Provided data below:

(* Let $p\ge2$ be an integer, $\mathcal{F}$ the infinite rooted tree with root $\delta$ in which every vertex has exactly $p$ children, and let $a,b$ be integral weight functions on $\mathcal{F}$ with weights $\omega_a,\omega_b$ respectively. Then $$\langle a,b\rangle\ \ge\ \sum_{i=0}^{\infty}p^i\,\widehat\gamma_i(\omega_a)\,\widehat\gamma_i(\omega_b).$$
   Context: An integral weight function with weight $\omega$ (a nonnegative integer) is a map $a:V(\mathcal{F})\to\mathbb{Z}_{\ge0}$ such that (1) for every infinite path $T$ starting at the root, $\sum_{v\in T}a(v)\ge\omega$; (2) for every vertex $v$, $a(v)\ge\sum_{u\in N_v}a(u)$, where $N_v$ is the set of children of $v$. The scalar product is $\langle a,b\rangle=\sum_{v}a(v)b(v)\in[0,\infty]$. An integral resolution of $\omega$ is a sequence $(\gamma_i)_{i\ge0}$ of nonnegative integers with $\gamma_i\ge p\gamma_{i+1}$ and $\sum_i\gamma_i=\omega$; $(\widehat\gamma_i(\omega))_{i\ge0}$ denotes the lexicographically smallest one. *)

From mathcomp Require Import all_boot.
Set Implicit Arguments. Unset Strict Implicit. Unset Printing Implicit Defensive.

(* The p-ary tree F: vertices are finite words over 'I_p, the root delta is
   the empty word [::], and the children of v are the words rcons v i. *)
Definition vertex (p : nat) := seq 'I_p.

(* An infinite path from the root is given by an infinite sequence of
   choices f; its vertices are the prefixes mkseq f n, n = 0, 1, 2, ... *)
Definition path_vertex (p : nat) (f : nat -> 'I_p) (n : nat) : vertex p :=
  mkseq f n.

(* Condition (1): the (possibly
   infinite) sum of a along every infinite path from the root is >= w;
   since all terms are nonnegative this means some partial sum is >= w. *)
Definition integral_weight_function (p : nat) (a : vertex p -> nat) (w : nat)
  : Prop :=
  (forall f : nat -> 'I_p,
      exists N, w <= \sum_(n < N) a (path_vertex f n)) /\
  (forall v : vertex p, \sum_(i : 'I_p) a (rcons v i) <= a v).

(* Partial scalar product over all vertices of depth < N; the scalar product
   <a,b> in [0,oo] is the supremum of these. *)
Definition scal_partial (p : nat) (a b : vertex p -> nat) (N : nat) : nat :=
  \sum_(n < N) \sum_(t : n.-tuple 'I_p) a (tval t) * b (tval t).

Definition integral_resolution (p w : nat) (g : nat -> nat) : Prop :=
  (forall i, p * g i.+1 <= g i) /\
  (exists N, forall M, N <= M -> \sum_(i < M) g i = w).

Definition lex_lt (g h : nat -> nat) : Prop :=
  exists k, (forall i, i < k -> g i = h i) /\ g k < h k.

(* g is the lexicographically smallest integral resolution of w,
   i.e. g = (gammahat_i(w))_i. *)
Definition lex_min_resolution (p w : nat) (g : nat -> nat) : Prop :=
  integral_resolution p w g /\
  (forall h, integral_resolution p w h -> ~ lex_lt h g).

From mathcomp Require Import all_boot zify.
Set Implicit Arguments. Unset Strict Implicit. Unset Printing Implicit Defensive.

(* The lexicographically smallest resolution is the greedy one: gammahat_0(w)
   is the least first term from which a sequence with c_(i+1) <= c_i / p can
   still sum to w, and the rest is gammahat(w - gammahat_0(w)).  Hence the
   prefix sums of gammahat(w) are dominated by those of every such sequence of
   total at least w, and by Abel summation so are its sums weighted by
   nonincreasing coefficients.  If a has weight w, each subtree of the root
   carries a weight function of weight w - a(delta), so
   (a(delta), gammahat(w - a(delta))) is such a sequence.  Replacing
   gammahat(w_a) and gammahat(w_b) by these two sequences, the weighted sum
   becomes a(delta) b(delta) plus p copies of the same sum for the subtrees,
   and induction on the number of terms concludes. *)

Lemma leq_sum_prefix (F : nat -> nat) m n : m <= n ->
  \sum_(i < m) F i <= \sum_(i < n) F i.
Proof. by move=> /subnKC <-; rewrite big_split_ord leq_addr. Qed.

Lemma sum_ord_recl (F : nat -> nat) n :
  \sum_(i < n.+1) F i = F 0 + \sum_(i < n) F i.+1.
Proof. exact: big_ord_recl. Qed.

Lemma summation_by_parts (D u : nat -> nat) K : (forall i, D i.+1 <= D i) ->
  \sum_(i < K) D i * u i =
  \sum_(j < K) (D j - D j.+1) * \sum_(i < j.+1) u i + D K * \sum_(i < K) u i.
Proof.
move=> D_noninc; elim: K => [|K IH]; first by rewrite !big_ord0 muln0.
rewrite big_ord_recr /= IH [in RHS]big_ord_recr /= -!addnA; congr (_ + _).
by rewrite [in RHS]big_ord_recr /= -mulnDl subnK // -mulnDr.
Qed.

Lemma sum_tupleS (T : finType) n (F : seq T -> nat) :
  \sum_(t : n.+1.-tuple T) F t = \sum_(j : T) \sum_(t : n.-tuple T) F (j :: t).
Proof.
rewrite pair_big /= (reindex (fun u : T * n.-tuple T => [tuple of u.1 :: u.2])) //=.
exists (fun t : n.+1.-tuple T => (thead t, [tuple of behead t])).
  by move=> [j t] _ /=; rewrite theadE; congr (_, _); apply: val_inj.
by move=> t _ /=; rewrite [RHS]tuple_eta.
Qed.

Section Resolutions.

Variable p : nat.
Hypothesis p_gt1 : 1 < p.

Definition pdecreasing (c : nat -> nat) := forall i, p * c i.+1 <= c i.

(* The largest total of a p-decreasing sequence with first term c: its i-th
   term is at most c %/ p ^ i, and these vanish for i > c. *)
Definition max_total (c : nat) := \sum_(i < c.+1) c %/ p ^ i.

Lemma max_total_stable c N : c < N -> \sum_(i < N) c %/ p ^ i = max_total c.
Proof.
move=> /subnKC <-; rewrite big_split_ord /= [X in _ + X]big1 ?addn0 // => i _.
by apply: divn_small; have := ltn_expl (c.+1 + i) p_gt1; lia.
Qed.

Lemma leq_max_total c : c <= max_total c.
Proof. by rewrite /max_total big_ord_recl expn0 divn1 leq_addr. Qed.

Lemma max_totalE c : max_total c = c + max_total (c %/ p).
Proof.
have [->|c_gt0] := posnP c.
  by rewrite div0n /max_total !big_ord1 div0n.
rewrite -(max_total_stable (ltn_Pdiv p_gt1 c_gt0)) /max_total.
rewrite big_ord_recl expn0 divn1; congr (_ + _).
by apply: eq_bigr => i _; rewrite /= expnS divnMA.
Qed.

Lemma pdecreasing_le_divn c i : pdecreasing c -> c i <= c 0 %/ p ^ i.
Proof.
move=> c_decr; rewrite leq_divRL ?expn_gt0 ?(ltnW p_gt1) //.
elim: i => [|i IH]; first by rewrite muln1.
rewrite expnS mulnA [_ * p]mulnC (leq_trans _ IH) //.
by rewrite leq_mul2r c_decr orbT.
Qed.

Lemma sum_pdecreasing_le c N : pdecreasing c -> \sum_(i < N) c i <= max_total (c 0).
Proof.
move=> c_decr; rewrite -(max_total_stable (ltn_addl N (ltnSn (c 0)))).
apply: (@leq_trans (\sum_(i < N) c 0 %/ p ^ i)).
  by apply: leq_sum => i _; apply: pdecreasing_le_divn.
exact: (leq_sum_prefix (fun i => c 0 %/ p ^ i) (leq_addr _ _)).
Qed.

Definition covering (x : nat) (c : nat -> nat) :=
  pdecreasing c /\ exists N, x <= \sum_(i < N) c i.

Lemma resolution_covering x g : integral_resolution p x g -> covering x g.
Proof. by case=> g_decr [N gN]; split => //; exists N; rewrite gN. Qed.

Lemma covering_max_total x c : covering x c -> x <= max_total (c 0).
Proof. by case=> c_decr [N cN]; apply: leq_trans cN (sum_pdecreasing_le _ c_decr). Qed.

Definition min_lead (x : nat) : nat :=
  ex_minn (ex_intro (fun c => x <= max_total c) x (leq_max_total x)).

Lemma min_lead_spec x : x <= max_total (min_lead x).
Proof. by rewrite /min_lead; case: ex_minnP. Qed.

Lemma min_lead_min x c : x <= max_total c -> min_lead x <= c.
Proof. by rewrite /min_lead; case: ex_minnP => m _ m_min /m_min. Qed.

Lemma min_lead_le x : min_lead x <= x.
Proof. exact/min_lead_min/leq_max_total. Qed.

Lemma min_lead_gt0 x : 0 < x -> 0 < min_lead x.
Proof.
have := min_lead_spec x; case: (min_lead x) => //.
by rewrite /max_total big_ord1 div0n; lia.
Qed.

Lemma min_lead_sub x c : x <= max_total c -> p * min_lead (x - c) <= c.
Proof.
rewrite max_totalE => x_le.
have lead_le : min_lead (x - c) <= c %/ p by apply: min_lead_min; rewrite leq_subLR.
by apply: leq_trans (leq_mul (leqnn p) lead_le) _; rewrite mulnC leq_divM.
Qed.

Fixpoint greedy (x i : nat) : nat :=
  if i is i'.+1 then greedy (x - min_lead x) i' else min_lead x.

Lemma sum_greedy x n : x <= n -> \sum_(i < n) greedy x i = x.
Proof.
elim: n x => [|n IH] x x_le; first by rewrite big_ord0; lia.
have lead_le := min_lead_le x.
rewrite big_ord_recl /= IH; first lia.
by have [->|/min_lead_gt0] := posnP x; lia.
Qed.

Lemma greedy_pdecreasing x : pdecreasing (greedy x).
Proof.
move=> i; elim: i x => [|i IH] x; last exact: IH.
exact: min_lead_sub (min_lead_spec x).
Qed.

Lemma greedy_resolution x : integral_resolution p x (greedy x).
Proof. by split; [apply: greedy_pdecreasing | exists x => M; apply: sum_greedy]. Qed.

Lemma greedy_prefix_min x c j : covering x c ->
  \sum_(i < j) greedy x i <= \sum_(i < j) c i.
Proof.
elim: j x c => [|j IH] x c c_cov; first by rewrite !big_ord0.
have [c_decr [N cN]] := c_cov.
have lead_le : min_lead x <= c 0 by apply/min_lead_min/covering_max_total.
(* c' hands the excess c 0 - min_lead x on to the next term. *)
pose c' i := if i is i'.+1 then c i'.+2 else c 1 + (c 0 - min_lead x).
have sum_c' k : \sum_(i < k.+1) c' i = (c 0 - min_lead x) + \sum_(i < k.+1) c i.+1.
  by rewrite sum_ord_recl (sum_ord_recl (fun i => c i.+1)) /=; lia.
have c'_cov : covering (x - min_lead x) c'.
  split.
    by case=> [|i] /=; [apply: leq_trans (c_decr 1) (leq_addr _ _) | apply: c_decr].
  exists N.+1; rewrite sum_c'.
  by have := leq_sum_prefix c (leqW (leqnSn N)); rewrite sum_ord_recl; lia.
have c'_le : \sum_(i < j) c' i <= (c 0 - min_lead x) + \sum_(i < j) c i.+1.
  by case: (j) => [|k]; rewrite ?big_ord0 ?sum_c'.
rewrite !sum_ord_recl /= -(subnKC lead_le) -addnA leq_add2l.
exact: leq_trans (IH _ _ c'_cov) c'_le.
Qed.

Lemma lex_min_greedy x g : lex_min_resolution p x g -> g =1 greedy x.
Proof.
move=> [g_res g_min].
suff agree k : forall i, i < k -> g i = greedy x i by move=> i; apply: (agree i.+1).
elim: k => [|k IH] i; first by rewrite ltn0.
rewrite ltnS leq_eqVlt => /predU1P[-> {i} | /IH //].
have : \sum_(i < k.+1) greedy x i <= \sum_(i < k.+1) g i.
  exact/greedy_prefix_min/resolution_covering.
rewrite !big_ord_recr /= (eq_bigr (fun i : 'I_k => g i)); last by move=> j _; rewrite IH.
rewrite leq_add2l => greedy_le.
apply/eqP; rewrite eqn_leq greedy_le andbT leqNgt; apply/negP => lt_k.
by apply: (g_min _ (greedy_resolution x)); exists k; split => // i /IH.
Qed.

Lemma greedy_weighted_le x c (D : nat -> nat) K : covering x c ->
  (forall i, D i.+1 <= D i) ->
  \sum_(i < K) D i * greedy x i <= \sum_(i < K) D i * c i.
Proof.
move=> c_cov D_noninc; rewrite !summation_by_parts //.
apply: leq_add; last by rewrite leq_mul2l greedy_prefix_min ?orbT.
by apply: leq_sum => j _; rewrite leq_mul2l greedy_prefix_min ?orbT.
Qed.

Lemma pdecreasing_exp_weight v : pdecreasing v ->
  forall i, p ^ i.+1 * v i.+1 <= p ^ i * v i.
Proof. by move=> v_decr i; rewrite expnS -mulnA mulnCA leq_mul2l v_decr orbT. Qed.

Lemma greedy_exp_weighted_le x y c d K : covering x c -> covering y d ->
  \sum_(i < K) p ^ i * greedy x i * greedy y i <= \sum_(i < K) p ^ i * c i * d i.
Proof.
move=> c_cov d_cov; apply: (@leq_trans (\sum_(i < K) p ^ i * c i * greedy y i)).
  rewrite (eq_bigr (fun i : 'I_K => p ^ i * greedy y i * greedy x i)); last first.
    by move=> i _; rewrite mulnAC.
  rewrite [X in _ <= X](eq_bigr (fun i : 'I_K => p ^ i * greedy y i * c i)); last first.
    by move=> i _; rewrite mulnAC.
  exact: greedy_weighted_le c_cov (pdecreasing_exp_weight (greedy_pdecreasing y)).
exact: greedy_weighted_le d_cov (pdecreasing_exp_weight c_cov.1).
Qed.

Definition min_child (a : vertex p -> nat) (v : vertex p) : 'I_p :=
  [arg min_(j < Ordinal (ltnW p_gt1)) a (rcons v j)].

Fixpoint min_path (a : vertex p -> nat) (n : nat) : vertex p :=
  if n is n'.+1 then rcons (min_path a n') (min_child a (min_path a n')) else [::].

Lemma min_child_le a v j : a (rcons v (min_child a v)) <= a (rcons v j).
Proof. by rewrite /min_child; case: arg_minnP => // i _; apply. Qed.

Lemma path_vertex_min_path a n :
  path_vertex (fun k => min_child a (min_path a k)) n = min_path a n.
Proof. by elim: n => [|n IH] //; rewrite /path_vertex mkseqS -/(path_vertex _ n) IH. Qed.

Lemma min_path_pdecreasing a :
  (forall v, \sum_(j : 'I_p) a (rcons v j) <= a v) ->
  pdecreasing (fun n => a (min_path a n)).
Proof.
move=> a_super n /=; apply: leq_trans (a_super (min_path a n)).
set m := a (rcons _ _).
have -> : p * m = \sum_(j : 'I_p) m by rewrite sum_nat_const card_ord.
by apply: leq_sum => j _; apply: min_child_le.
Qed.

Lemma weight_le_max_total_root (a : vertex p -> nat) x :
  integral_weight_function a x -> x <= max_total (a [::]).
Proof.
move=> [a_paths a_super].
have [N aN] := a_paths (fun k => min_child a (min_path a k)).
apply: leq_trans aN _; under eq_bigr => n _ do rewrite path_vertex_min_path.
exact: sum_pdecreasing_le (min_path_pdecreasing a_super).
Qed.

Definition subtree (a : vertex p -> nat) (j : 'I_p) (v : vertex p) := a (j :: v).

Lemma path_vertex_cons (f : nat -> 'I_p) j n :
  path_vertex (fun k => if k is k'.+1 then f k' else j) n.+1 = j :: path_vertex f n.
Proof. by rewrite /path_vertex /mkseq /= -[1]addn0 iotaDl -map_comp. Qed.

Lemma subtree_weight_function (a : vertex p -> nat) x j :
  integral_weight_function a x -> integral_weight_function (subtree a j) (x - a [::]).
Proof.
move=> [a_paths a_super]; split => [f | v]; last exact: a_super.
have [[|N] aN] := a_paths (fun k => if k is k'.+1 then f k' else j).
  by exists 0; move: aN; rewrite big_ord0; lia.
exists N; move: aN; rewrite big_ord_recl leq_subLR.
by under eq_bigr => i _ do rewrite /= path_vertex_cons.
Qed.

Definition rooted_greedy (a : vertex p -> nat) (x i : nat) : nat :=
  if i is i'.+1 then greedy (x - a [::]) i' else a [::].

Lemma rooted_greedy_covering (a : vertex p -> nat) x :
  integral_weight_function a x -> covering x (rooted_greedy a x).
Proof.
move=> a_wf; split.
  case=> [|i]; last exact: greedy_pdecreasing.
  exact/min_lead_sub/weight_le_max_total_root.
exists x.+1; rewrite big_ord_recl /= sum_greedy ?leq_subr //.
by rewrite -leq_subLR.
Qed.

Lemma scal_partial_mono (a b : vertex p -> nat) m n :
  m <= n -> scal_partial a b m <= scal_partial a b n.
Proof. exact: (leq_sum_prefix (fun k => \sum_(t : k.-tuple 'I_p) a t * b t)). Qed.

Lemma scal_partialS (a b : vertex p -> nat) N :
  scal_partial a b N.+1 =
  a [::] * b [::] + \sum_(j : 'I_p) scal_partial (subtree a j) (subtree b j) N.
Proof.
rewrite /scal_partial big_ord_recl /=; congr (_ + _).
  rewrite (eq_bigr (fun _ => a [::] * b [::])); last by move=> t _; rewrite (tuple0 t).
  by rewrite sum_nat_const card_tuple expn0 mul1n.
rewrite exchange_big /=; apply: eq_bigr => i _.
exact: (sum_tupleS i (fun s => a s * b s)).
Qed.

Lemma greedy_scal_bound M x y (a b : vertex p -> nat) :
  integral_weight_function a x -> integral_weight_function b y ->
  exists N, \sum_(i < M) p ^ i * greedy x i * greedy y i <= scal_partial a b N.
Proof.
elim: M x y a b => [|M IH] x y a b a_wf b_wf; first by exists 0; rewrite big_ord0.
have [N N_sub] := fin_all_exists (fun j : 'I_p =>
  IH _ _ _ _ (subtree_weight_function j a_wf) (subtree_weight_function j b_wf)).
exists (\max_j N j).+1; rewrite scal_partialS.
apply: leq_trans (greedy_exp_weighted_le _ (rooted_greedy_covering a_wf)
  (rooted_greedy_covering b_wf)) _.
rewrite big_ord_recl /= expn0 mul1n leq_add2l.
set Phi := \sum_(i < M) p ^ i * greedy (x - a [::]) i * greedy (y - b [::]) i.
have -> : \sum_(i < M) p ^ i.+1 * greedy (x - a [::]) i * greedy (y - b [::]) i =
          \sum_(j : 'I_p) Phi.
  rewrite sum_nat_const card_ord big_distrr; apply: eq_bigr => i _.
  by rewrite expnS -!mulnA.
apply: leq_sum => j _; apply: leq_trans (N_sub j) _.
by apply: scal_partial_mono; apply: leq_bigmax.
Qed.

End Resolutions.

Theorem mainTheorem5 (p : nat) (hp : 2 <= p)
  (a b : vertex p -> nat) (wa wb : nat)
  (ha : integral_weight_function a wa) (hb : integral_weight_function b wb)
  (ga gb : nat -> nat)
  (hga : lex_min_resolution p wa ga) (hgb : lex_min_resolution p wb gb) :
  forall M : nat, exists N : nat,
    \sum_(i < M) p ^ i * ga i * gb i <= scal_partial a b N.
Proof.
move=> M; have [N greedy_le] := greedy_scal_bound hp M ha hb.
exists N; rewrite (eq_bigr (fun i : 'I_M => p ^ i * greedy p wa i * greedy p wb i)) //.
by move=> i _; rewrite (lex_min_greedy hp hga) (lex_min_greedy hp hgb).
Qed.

End of Provided data.

- [What needs to be done]: Above are some records; copy exactly the lines from the one with "(* c' hands" through the one with "have sum_c' k", both included, and no others.

- [Response area]:
(* c' hands the excess c 0 - min_lead x on to the next term. *)
pose c' i := if i is i'.+1 then c i'.+2 else c 1 + (c 0 - min_lead x).
have sum_c' k : \sum_(i < k.+1) c' i = (c 0 - min_lead x) + \sum_(i < k.+1) c i.+1.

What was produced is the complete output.